Bu ayın başlarında Mısır ile Gazze Şeridi arasındaki Refah Sınır Kapısı’nda konuşlanan Mısır ordusu askerleri (DPA)
Bu ayın başlarında Mısır ile Gazze Şeridi arasındaki Refah Sınır Kapısı’nda konuşlanan Mısır ordusu askerleri (DPA)
TT

Mısırlı askeri yetkililer İsrailli mevkidaşlarıyla görüşmelerini iptal etti

Bu ayın başlarında Mısır ile Gazze Şeridi arasındaki Refah Sınır Kapısı’nda konuşlanan Mısır ordusu askerleri (DPA)
Bu ayın başlarında Mısır ile Gazze Şeridi arasındaki Refah Sınır Kapısı’nda konuşlanan Mısır ordusu askerleri (DPA)

İsrailli bir kaynağın İsrail i24 televizyonuna verdiği bilgiye göre, Mısırlı askeri yetkililer İsrailli mevkidaşlarıyla yapmayı planladıkları görüşmeleri herhangi bir uyarıda bulunmadan iptal etti.

Bu hamle, İsrail ordusunun Refah Sınır Kapısı’nın Filistin tarafını kontrol altına almasının ardından Refah'ın doğusunda artan gerilimin ardından geldi. İsrailli kaynaklar bu ani iptalin iki ülke arasında giderek kötüleşen bir diplomatik krize işaret ettiğini bildirdi.

Mısır daha önce İsrail'i Refah'a saldırmaması konusunda uyarmış ve bunun bir şekilde Mısır'ın ulusal güvenliğini etkileyeceğini iddia etmişti.
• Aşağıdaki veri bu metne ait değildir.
(* Let $B$ be a noetherian normal integral domain and $A$ a subring of $B$. Suppose that $(\operatorname{Frac}A,\operatorname{Frac}B)\in\mathrm{EXT}$ and that there is a family $(f_i)_{i\in I}$ of elements of $A\setminus\{0\}$ such that $(A_{f_i},B_{f_i})\in\mathrm{EXT}$ for every $i\in I$ and no height-$1$ prime ideal of $B$ contains all the $f_i$. Then $(A,B)\in\mathrm{EXT}$.
   Context: For a ring $A$ and an $A$-algebra $B$, write $(A,B)\in\mathrm{EXT}$ to mean: for every derivation $\delta:A\to A$ there exists a unique derivation $D:B\to B$ such that $D\circ\varphi=\varphi\circ\delta$, where $\varphi:A\to B$ is the structure map. *)

From HB Require Import structures.
From mathcomp Require Import all_boot all_order all_algebra.
Set Implicit Arguments. Unset Strict Implicit. Unset Printing Implicit Defensive.
Import Order.TTheory GRing.Theory Num.Theory.
Local Open Scope ring_scope.

(* All rings are realised as subrings of an ambient field K (subsets K -> Prop).
   Localizations and fraction fields of a subdomain of K are then the usual
   subsets of K, and all structure maps are inclusions. *)

Section Defs.
Variable K : fieldType.

Definition subring (S : K -> Prop) : Prop :=
  [/\ S 1, (forall x y, S x -> S y -> S (x - y)) & (forall x y, S x -> S y -> S (x * y))].

Definition FracOf (S : K -> Prop) : K -> Prop :=
  fun x => exists a c, [/\ S a, S c, c != 0 & x = a / c].

Definition Loc (S : K -> Prop) (f : K) : K -> Prop :=
  fun x => exists s n, S s /\ x = s / f ^+ n.

Definition is_derivation (S : K -> Prop) (d : K -> K) : Prop :=
  [/\ (forall x, S x -> S (d x)),
      (forall x y, S x -> S y -> d (x + y) = d x + d y) &
      (forall x y, S x -> S y -> d (x * y) = d x * y + x * d y)].

Definition EXT (S T : K -> Prop) : Prop :=
  forall d, is_derivation S d ->
    exists D, [/\ is_derivation T D, (forall x, S x -> D x = d x) &
      (forall D', is_derivation T D' -> (forall x, S x -> D' x = d x) ->
         forall y, T y -> D' y = D y)].

Definition ideal_of (B P : K -> Prop) : Prop :=
  [/\ (forall x, P x -> B x), P 0,
      (forall x y, P x -> P y -> P (x + y)) &
      (forall r x, B r -> P x -> P (r * x))].

Definition prime_ideal_of (B P : K -> Prop) : Prop :=
  [/\ ideal_of B P, ~ P 1 &
      (forall a b, B a -> B b -> P (a * b) -> P a \/ P b)].

Definition height_one_prime (B P : K -> Prop) : Prop :=
  [/\ prime_ideal_of B P, (exists x, P x /\ x != 0) &
      (forall Q, prime_ideal_of B Q -> (exists x, Q x /\ x != 0) ->
         (forall x, Q x -> P x) -> forall x, P x -> Q x)].

Definition noetherian (B : K -> Prop) : Prop :=
  forall I : nat -> K -> Prop,
    (forall n, ideal_of B (I n)) ->
    (forall n x, I n x -> I n.+1 x) ->
    exists N, forall m, (N <= m)%N -> forall x, I m x -> I N x.

Definition normal_domain (B : K -> Prop) : Prop :=
  forall x, FracOf B x ->
    (exists p : {poly K}, [/\ p \is monic, (forall i, B p`_i) & root p x]) ->
    B x.

End Defs.

From mathcomp Require Import all_boot all_order all_algebra.
From mathcomp Require Import ring.
From Stdlib Require Import Classical ClassicalEpsilon.
Set Implicit Arguments. Unset Strict Implicit. Unset Printing Implicit Defensive.
Import GRing.Theory.
Local Open Scope ring_scope.

(* A derivation d of A extends to Frac A by the quotient rule, hence, by
   hypothesis, uniquely to a derivation D of Frac B.  By uniqueness, D agrees
   with the extension of d granted by (A_f, B_f) in EXT, so D maps B into
   every B_{f_i}.  It remains to see that B is the intersection of Frac B with
   the B_{f_i}.  If x is in Frac B but not in B, pick (noetherianity) y = b x
   not in B whose conductor P = {u in B | u y in B} is maximal: P is a prime
   ideal, and normality of B makes it of height one (if P y were contained in
   P, then y would be almost integral, hence integral, over B).  Some f_i lies
   outside P, whereas f_i^n x in B forces f_i^n into the conductor of x, which
   is contained in P. *)

Section Subring.
Variables (K : fieldType) (S : K -> Prop).
Hypothesis hS : subring S.

Lemma subring1 : S 1.
Proof. by case: hS. Qed.

Lemma subringB x y : S x -> S y -> S (x - y).
Proof. by case: hS => _ + _; apply. Qed.

Lemma subringM x y : S x -> S y -> S (x * y).
Proof. by case: hS => _ _; apply. Qed.

Lemma subring0 : S 0.
Proof. by rewrite -(subrr 1); apply: subringB; apply: subring1. Qed.

Lemma subringN x : S x -> S (- x).
Proof. by move=> Sx; rewrite -sub0r; apply: subringB => //; apply: subring0. Qed.

Lemma subringD x y : S x -> S y -> S (x + y).
Proof. by move=> Sx Sy; rewrite -(opprK y); apply: subringB => //; apply: subringN. Qed.

Lemma subringX x n : S x -> S (x ^+ n).
Proof.
move=> Sx; elim: n => [|n IHn]; first by rewrite expr0; apply: subring1.
by rewrite exprS; apply: subringM.
Qed.

Lemma subring_sum (J : Type) (r : seq J) (P : pred J) (F : J -> K) :
  (forall j, S (F j)) -> S (\sum_(j <- r | P j) F j).
Proof.
by move=> SF; apply: (big_ind S) => //; [apply: subring0 | apply: subringD].
Qed.

Lemma subring_FracOf x : S x -> FracOf S x.
Proof. by move=> Sx; exists x, 1; rewrite divr1 oner_neq0; split=> //; apply: subring1. Qed.

Lemma subring_Loc f x : S x -> Loc S f x.
Proof. by move=> Sx; exists x, 0%N; rewrite expr0 divr1. Qed.

Variable f : K.
Hypotheses (Sf : S f) (f_neq0 : f != 0).

Lemma Loc_subring : subring (Loc S f).
Proof.
have fX_neq0 n : f ^+ n != 0 by apply: expf_neq0.
split; first exact/subring_Loc/subring1.
- move=> _ _ [s [n [Ss ->]]] [s' [m [Ss' ->]]].
  exists (s * f ^+ m - s' * f ^+ n), (n + m)%N; split.
    by apply: subringB; apply: subringM => //; apply: subringX.
  by rewrite exprD; field; rewrite !fX_neq0.
- move=> _ _ [s [n [Ss ->]]] [s' [m [Ss' ->]]].
  exists (s * s'), (n + m)%N; split; first exact: subringM.
  by rewrite exprD; field; rewrite !fX_neq0.
Qed.

Lemma Loc_FracOf x : Loc S f x -> FracOf S x.
Proof.
move=> [s [n [Ss ->]]]; exists s, (f ^+ n).
by split=> //; [apply: subringX | apply: expf_neq0].
Qed.

Lemma FracOf_Loc x : FracOf (Loc S f) x <-> FracOf S x.
Proof.
split=> [|[a [c [Sa Sc c_neq0 ->]]]]; last first.
  by exists a, c; split=> //; apply: subring_Loc.
move=> [_ [_ [[s [n [Ss ->]]] [s' [m [Ss' ->]]] c_neq0 ->]]].
have [fn fm] : f ^+ n != 0 /\ f ^+ m != 0 by split; apply: expf_neq0.
have s'_neq0 : s' != 0 by apply: contraNneq c_neq0 => ->; rewrite mul0r.
exists (s * f ^+ m), (s' * f ^+ n); split; try by apply: subringM => //; apply: subringX.
  by rewrite mulf_neq0.
by field; rewrite fn fm s'_neq0.
Qed.
Lemma coef0_filter_eq0 i j : (i, j) != (ord0, [ffun => ord0]) -> coef0_filter i j = 0.
Proof.
rewrite xpair_eqE negb_and => /orP[hi|hj]; apply/eqP; rewrite mulf_eq0.
  rewrite prodf_seq_eq0; apply/orP; left; apply/hasP; exists (B - i)%N.
    by rewrite mem_iota add0n; move: hi; rewrite -val_eqE /=; have := ltn_ord i; lia.
  by rewrite subrr eqxx.
have [l hl] : exists l, j l != ord0.
  apply/existsP; apply: contraR hj; rewrite negb_exists => /forallP hall.
  by apply/eqP/ffunP => a; rewrite ffunE; apply/eqP/negPn/hall.
rewrite !prodf_seq_eq0; apply/orP; right; apply/hasP; exists l; first by rewrite mem_enum.
rewrite prodf_seq_eq0; apply/hasP; exists (j l : nat); last by rewrite subrr eqxx.
by rewrite mem_iota add1n ltn_ord andbT lt0n; move: hl; rewrite -val_eqE.
Qed.

Lemma coef0_filter00 : coef0_filter ord0 [ffun => ord0] != 0.
Proof.
rewrite mulf_eq0 negb_or !prodf_seq_neq0; apply/andP; split; apply/allP.
  by move=> c; rewrite mem_iota subn0 subr_eq0 eqr_nat => /andP[_ hc]; rewrite gtn_eqF.
move=> l _ /=; rewrite prodf_seq_neq0; apply/allP => c.
by rewrite mem_iota ffunE subr_eq0 eqr_nat => /andP[hc _]; rewrite ltn_eqF.
Qed.

Lemma null_combination_coef0 (H : family) :
  (forall i j, cauchy_riemann (H i j)) -> null_combination H ->
  forall z tau, 0 < im tau -> H ord0 [ffun => ord0] z tau = 0.
Proof.
move=> hH h0 z tau ht.
have := preserves_null_coef0_filter hH h0 z ht.
rewrite pair_bigA (bigD1 (ord0, [ffun => ord0])) //= big1 ?addr0; last first.
  by move=> [i j] /coef0_filter_eq0 ->; rewrite !mul0r.
have m00 : monomial ord0 [ffun => ord0] z tau != 0.
  rewrite /monomial subn0 big1 => [|a _]; last by rewrite ffunE expr0.
  by rewrite mulr1 expf_neq0 // cR_8pi_neq0.
move/eqP; rewrite mulf_eq0 (negbTE m00) orbF mulf_eq0 (negbTE coef0_filter00).
by move/eqP.
Qed.

End NullCombination.

Section Automorphy.
Variable R : realType.
Local Notation C := R[i].
Variable n : nat.
Local Notation vec := ('I_n -> C).
Variable L : 'M[rat]_n.
Variables lam mu : 'I_n -> int.

Definition automorphy_exponent (z : vec) (tau : C) : C :=
  - (Lq L (ivec lam) (ivec lam) * tau) - 2 * Lq L (ivec lam) z.

Definition Lq_lam_real (y : 'I_n -> R) : R :=
  \sum_a \sum_b (lam a)%:~R * ratr (L a b) * y b.

Lemma Lq_lam_line (x : vec) s t (v : 'I_n -> R) :
  Lq L (ivec lam) (fun b => x b + s * cR (t * v b)) =
  Lq L (ivec lam) x + s * cR (t * Lq_lam_real v).
Proof.
have -> : s * cR (t * Lq_lam_real v) =
    \sum_a \sum_b ivec lam a * ratr (L a b) * (s * cR (t * v b)).
  rewrite /Lq_lam_real mulr_sumr cR_sum mulr_sumr; apply: eq_bigr => a _.
  rewrite mulr_sumr cR_sum mulr_sumr; apply: eq_bigr => b _.
  rewrite /ivec [cR (t * (_ * v b))]cRM [cR (_ * ratr _ * _)]cRM [cR (_ * ratr _)]cRM.
  rewrite [cR (t * v b)]cRM cR_int cR_rat.
  by rewrite [cR t * _]mulrCA [LHS]mulrCA.
rewrite /Lq -big_split; apply: eq_bigr => a _; rewrite -big_split.
by apply: eq_bigr => b _; rewrite mulrDr.
Qed.

Lemma Lq_lam_lam : Lq L (ivec lam) (ivec lam) = cR (Lq_lam_real (fun b => (lam b)%:~R)).
Proof.
rewrite /Lq /Lq_lam_real cR_sum; apply: eq_bigr => a _; rewrite cR_sum.
by apply: eq_bigr => b _; rewrite /ivec [cR (_ * _%:~R)]cRM [cR (_ * ratr _)]cRM !cR_int cR_rat.
Qed.

Lemma cauchy_riemann_automorphy_factor :
  cauchy_riemann (fun w tau => ee (automorphy_exponent (shift_z lam mu w tau) tau)).
Proof.
apply: (cauchy_riemann_shift lam mu (f := fun z tau => ee (automorphy_exponent z tau))).
apply: cauchy_riemann_ee_affine => z tau v k.
exists (- (Lq_lam_real (fun b => (lam b)%:~R) * k) - 2 * Lq_lam_real v) => s t.
rewrite /on_line /automorphy_exponent /line_z /line_tau Lq_lam_line Lq_lam_lam.
by rewrite !(cRM, cRB, cRN) cR_nat; ring.
Qed.

End Automorphy.

Section ShiftExpansion.
Variable C : comNzRingType.
Variables n B : nat.
Local Notation idx := {ffun 'I_n -> 'I_B.+1}.

Lemma exprDn_ord (x y : C) (m : nat) : (m <= B)%N ->
  (x + y) ^+ m = \sum_(k < B.+1) y ^+ (m - k) * x ^+ k *+ 'C(m, k).
Proof.
move=> hm; rewrite addrC exprDn.
rewrite (big_ord_widen B.+1 (fun k => y ^+ (m - k) * x ^+ k *+ 'C(m, k))) // big_mkcond.
apply: eq_bigr => k _; case: ifP => // /negbT; rewrite -leqNgt => hk.
by rewrite bin_small // mulr0n.
Qed.
(* Let $F$ be a nonempty $\Omega$-decorated rooted forest. Let $A$ be the set of triples $(\sigma,\tau,\rho)$ where, for some $s\ge r\ge1$, $\sigma:\mathcal V(F)\to\{1,\ldots,s\}$ is a surjection with $u<v\Rightarrow\sigma(u)<\sigma(v)$, $\tau:\{1,\ldots,s\}\to\{1,\ldots,r\}$ is a nondecreasing surjection, and $\rho\in\mathrm{qsh}(\tau)$. Let $B$ be the set of triples $(G,\alpha,\beta)$ where $G$ is a covering subforest of $F$, and for some $r,t\ge1$, $\alpha:\mathcal V(F/G)\to\{1,\ldots,r\}$ is a surjection strictly increasing for the order of $F/G$ (i.e. $x<y\Rightarrow\alpha(x)<\alpha(y)$) and $\beta:\mathcal V(G)\to\{1,\ldots,t\}$ is a surjection strictly increasing for the order of $G$. Then there is a bijection $\Phi:A\to B$ such that, whenever $\Phi(\sigma,\tau,\rho)=(G,\alpha,\beta)$, one has $F^{\tau\circ\sigma}=(F/G)^\alpha$ and $F^{\rho\circ\sigma}=G^\beta$.
   Context: $\Omega$ is a set with a commutative semigroup law written additively, $[a+b]$ the sum. A rooted forest is a finite directed acyclic graph in which each vertex has at most one incoming edge; its vertex set $\mathcal V(F)$ is partially ordered by $u\le v$ iff there is a directed path from a root to $v$ through $u$. An $\Omega$-decorated forest carries a map $d:\mathcal V(F)\to\Omega$. A covering subforest $G$ of $F$ is a partition of $\mathcal V(F)$ into blocks each inducing a connected subgraph, identified with the decorated forest on $\mathcal V(G)=\mathcal V(F)$ obtained by keeping only edges of $F$ inside blocks; $F/G$ is obtained from $F$ by contracting each block to one vertex decorated by the $\Omega$-sum of the decorations of the block. For a decorated forest $H$ and a surjection $\sigma:\mathcal V(H)\to\{1,\ldots,s\}$, $H^\sigma$ is the word $H^\sigma_1\cdots H^\sigma_s$ with $H^\sigma_j=[\sum_{\sigma(v)=j}d(v)]\in\Omega$. For a nondecreasing surjection $\tau:\{1,\ldots,s\}\to\{1,\ldots,r\}$, $\mathrm{qsh}(\tau)$ is the set of surjections $\rho:\{1,\ldots,s\}\to\{1,\ldots,t\}$ (for some $t\le s$) that are strictly increasing on each block $\tau^{-1}(j)$, $j=1,\ldots,r$. *)

From mathcomp Require Import all_boot.
Set Implicit Arguments. Unset Strict Implicit. Unset Printing Implicit Defensive.

(* ---------- Omega-valued sums (semigroup, no unit: None plays the unit) ---- *)
Definition oop (Om : Type) (op : Om -> Om -> Om) (a b : option Om) : option Om :=
  match a, b with
  | None, _ => b
  | _, None => a
  | Some x, Some y => Some (op x y)
  end.
Definition osum (Om : Type) (op : Om -> Om -> Om) (l : seq (option Om)) :=
  foldr (oop op) None l.
Lemma ula_iter_sqnorm2_le (k : nat) (x : 'rV[R]_d) :
  (ula_iter gradU gamma k (fun y => (sqnorm2 y)%:E) x <=
   (r ^+ k * sqnorm2 x + 2 * gamma * d%:R * \sum_(j < k) r ^+ j)%:E)%E.
Proof.
have sqnorm2_ge0E (y : 'rV[R]_d) : (0 <= (sqnorm2 y)%:E)%E by rewrite lee_fin sqnorm2_ge0.
elim: k x => [|k IH] x /=; first by rewrite expr0 mul1r big_ord0 mulr0 addr0.
apply: le_trans (le_ula_kernel x (ula_iter_ge0 k sqnorm2_ge0E) IH) _.
have B_ge0 : 0 <= 2 * gamma * d%:R * \sum_(j < k) r ^+ j.
  by rewrite !mulr_ge0 ?ler0n ?(ltW gamma_gt0) ?sumr_ge0 // => j _; rewrite exprn_ge0.
apply: le_trans (ula_kernel_sqnorm2_le x (exprn_ge0 k r_ge0) B_ge0) _.
by rewrite -exprSr big_ord_recr /= mulrDr [_ * r ^+ k]mulrC.
Qed.

End ula_second_moment.
(* For the hypercube cluster labeling task $\mathrm{Learn}(n,N,q_{HC},\pi)$, $$I(X_S;P\mid K)\le\mu_1 n\cdot\rho d+\mu_1 n\log N.$$
   Context: Learning task $\mathrm{Learn}(n,N,q_c,\pi)$: a problem instance $P=(D,C)$ with $C=(C_1,\dots,C_N)$ i.i.d. from $q_c$ and $D(j)=\delta_j/\sum_i\delta_i$, $\delta_j$ i.i.d. uniform over entries of the list $\pi$; data set $X$ of $n$ i.i.d. examples, each drawn by picking $j\sim D$ then sampling from subpopulation $j$. $X_S$ is the set of singletons (unique representatives of their subpopulation in $X$), $K=|X_S|$, $\mu_1=\mathbb E[K]/n$. Component distribution $q_{HC}$ (dimension $d$, parameter $\rho$): subpopulation $j$ has $\mathcal I_j\subseteq[d]$ containing each index independently w.p. $\rho$ and uniform bits $b_j(i)$, $i\in\mathcal I_j$; an example from $j$ is $z\in\{0,1\}^d$ with $z(i)=b_j(i)$ on $\mathcal I_j$ and independent uniform bits elsewhere, labeled $j$. Logs base 2. *)

From HB Require Import structures.
From mathcomp Require Import all_boot all_order all_algebra.
From mathcomp Require Import reals exp.
Set Implicit Arguments. Unset Strict Implicit. Unset Printing Implicit Defensive.
Import Order.TTheory GRing.Theory Num.Theory.
Local Open Scope ring_scope.

Section Info.
Variable R : realType.

Definition log2 (x : R) : R := ln x / ln 2.

Definition prob_eq (Om : finType) (p : Om -> R) (A : eqType) (X : Om -> A) (a : A)
  : R := \sum_(w | X w == a) p w.

Definition cond_mutual_info (Om : finType) (p : Om -> R) (A B C : eqType)
  (X : Om -> A) (Y : Om -> B) (Z : Om -> C) : R :=
  \sum_w p w *
    log2 ((prob_eq p (fun v => (X v, Y v, Z v)) (X w, Y w, Z w) * prob_eq p Z (Z w))
          / (prob_eq p (fun v => (X v, Z v)) (X w, Z w)
             * prob_eq p (fun v => (Y v, Z v)) (Y w, Z w))).

Definition expect (Om : finType) (p : Om -> R) (f : Om -> R) : R :=
  \sum_w p w * f w.
End Info.

(* Raw sample space of Learn(n,N,q_HC,pi), with m = size pi:
   - for each subpopulation j : 'I_N, an index into pi (delta_j = pi_(index));
   - for each j, the set I_j of fixed coordinates and a uniform bit vector
     b_j on all of [d] (only its restriction to I_j is used / observable);
   - for each example t : 'I_n, its subpopulation label j_t and a uniform
     noise vector u_t in {0,1}^d (used on coordinates outside I_{j_t}). *)
Definition HCOmega (N d n m : nat) :=
  ({ffun 'I_N -> 'I_m} * {ffun 'I_N -> {set 'I_d} * {ffun 'I_d -> bool}}
   * {ffun 'I_n -> 'I_N * {ffun 'I_d -> bool}})%type.

Section HC.
Variables (R : realType) (n N d : nat) (rho : R) (pi : seq R).
Local Notation m := (size pi).
Local Notation Om := (HCOmega N d n m).

Definition hc_delta (w : Om) (j : 'I_N) : R := nth 0 pi (w.1.1 j).
Definition hc_D (w : Om) (j : 'I_N) : R := hc_delta w j / \sum_i hc_delta w i.
Definition hc_I (w : Om) (j : 'I_N) : {set 'I_d} := (w.1.2 j).1.
Definition hc_b (w : Om) (j : 'I_N) : {ffun 'I_d -> bool} := (w.1.2 j).2.
Definition hc_label (w : Om) (t : 'I_n) : 'I_N := (w.2 t).1.
Definition hc_noise (w : Om) (t : 'I_n) : {ffun 'I_d -> bool} := (w.2 t).2.

Definition hc_z (w : Om) (t : 'I_n) : {ffun 'I_d -> bool} :=
  [ffun i => if i \in hc_I w (hc_label w t) then hc_b w (hc_label w t) i
             else hc_noise w t i].

Definition hc_ex (w : Om) (t : 'I_n) : {ffun 'I_d -> bool} * 'I_N :=
  (hc_z w t, hc_label w t).

Definition hc_mass (w : Om) : R :=
  (m%:R^-1) ^+ N
  * (\prod_(j : 'I_N) (rho ^+ #|hc_I w j| * (1 - rho) ^+ (d - #|hc_I w j|)
                        * (2^-1) ^+ d))
  * (\prod_(t : 'I_n) (hc_D w (hc_label w t) * (2^-1) ^+ d)).

Definition hc_P (w : Om) :
  ({ffun 'I_N -> R} * {ffun 'I_N -> {set 'I_d} * {ffun 'I_d -> bool}})%type :=
  ([ffun j => hc_D w j],
   [ffun j => (hc_I w j, [ffun i => (i \in hc_I w j) && hc_b w j i])]).

Definition hc_XS (w : Om) : {set {ffun 'I_d -> bool} * 'I_N} :=
  [set hc_ex w t | t in [pred t : 'I_n |
     #|[set t' : 'I_n | hc_label w t' == hc_label w t]| == 1%N]].

Definition hc_K (w : Om) : nat := #|hc_XS w|.

Definition hc_mu1 : R := expect hc_mass (fun w => (hc_K w)%:R) / n%:R.
End HC.

From HB Require Import structures.
From mathcomp Require Import all_boot all_order all_algebra.
From mathcomp Require Import reals exp.
From mathcomp Require Import ring lra.
Set Implicit Arguments. Unset Strict Implicit. Unset Printing Implicit Defensive.
Import Order.TTheory GRing.Theory Num.Theory.
Local Open Scope ring_scope.

(* Pointwise, the integrand log [p(x,P,k) p(k) / (p(x,k) p(P,k))] is split as
     log [p(x,P,k) / p(P,k)] + log [q(x) / p(x)] + log binom(M, k),
   where M = 2^d N is the number of possible labeled examples and
   q(S) = p(K = |S|) / binom(M, |S|).
   (1) Symmetry: flipping the noise bits of the singletons on the coordinates
       not fixed by their cluster is a mass-preserving involution fixing P and K.
       The 2^c such flips (c = k d - sum of |I_j| over singleton clusters) give
       2^c distinct values of X_S of equal probability, so the first term is
       at most -c.
   (2) Gibbs: the second term has nonpositive expectation since q has total
       mass 1; and log binom(M, k) <= k log M = k (d + log N).
   (3) Independence: the fixed sets I_j are independent of the labels, with
       E|I_j| = rho d, so E[sum of |I_j| over singleton clusters] = rho d E[K]. *)

Section Log2.
Variable R : realType.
Ancak İsrail geçen hafta sınırlı olduğunu söylediği bir operasyonla Refah'ın doğusuna girdi ve bu sırada sınır kapısının Filistin tarafının kontrolünü de ele geçirdi. Mısır'ın bu hamleye yanıtı ise Güney Afrika'nın Gazze Şeridi'nde soykırım yaptığı gerekçesiyle Uluslararası Ceza Mahkemesi'nde (UCM) İsrail aleyhine açtığı davayı desteklediğini açıklamak oldu.

İsrail raporunda “Mısır'ın yaptığı bir depremdi” denildi.

Askeri toplantıların iptali, özellikle Sina Yarımadası'nda gerekli iş birliği göz önüne alındığında, İsrail tarafını büyük ölçüde kızdırdı.

bgrtny
Refah’taki İsrail güçleri (İsrail ordusu - AFP)

Mısır'da hiçbir yetkili barış anlaşmasının askıya alınması ya da iptal edilmesi ihtimalinden açıkça söz etmemiş olsa da İsrail'de Kahire'deki karar alma merkezine yakın medya ve araştırmacılar açık tehditler tespit ettiler.

Tel Aviv Üniversitesi Ulusal Güvenlik Araştırmaları Enstitüsü'nde araştırmacı olan Ofir Winter, “Mısır'ın Güney Afrika Cumhuriyeti'nin UCM’de İsrail aleyhine açtığı davaya katıldığını açıklaması, ordunun Refah'a sınırlı müdahalesinin başlamasından bu yana iki ülke arasında gözlemlenen gerginliğin arttığının bir göstergesidir. Bu hamle, İsrail'e Refah'taki operasyonu genişletmemesi için uluslararası baskıyı arttırmayı, Mısır ve Arap kamuoyuna İsrail ordusunun yaptıklarına ortak olmadığını anlatmayı ve İsrail'e operasyona devam etmenin iki ülke arasındaki ilişkilere bir bedeli olacağını açıkça göstermeyi amaçlamaktadır” ifadelerini kullandı.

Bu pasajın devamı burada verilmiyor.